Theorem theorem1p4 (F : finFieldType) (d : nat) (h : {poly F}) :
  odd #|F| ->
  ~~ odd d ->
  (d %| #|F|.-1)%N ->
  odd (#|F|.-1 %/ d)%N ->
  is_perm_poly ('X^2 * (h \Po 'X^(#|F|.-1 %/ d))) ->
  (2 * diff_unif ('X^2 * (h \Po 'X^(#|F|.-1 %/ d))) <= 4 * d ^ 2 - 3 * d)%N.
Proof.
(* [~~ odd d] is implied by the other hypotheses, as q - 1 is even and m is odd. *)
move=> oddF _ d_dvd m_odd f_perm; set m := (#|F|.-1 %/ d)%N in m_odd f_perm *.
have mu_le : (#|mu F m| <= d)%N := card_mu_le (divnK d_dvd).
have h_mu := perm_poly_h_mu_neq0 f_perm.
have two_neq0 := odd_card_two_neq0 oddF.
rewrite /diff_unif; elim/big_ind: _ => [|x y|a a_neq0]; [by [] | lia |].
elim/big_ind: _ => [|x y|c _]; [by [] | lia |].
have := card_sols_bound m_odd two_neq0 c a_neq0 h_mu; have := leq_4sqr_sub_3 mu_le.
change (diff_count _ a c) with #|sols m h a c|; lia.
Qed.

* * *

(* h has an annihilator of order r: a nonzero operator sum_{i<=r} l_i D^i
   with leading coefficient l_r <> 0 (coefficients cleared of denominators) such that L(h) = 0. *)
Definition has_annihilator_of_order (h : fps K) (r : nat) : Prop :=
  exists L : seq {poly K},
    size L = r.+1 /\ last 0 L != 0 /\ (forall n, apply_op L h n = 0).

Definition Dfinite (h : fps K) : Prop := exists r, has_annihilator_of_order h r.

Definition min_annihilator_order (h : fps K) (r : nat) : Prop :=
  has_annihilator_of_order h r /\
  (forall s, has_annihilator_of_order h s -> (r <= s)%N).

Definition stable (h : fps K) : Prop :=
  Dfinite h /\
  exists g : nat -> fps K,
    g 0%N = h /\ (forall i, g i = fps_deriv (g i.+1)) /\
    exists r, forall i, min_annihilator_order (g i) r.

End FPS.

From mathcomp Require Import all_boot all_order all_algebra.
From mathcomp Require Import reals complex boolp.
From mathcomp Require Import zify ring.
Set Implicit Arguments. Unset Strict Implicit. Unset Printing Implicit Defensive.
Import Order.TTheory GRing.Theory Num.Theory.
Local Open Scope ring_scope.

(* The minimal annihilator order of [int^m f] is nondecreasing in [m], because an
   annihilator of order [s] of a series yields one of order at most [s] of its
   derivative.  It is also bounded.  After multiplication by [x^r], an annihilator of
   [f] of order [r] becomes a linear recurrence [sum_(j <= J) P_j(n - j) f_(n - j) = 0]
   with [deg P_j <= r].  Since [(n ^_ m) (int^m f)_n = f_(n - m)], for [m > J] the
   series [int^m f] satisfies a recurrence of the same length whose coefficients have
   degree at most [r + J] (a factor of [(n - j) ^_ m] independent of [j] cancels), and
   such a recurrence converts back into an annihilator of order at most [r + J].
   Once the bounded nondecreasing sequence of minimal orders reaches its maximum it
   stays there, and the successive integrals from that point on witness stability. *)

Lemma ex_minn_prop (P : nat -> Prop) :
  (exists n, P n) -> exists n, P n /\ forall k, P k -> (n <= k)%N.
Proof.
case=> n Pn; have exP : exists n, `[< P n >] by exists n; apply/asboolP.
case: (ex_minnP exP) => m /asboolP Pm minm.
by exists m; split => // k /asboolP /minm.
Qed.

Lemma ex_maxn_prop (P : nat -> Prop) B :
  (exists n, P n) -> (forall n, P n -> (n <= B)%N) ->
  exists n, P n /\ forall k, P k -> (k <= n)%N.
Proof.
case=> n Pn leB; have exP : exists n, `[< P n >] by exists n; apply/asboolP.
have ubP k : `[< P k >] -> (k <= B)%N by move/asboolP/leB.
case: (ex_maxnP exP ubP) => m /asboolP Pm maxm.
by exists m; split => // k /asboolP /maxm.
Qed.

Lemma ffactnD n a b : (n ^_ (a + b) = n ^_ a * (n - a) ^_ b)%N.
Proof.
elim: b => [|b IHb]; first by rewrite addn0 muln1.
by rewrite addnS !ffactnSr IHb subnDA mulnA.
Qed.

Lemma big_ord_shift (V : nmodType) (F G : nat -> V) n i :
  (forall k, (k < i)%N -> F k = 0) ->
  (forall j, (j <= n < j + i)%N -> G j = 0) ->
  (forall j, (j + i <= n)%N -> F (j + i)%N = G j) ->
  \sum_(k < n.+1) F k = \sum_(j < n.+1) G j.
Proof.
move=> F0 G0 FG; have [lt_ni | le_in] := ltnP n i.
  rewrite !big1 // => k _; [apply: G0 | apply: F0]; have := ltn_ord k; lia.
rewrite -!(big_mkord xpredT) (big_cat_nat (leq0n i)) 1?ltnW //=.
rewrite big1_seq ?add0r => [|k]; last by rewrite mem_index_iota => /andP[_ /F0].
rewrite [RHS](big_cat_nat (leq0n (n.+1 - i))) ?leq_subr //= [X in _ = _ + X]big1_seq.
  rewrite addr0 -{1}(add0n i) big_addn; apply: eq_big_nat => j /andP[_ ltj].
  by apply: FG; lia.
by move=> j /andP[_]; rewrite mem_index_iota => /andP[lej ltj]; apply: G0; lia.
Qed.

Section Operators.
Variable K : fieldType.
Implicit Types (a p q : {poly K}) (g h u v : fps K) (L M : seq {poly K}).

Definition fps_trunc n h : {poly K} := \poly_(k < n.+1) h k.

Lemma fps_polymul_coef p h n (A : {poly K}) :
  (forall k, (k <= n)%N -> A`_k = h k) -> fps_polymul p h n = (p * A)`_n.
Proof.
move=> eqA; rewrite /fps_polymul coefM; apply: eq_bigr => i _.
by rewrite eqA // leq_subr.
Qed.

Activity
Take every line above where "nondecreasing" appears and copy it.

Response
(* The minimal annihilator order of [int^m f] is nondecreasing in [m], because an
   Once the bounded nondecreasing sequence of minimal orders reaches its maximum it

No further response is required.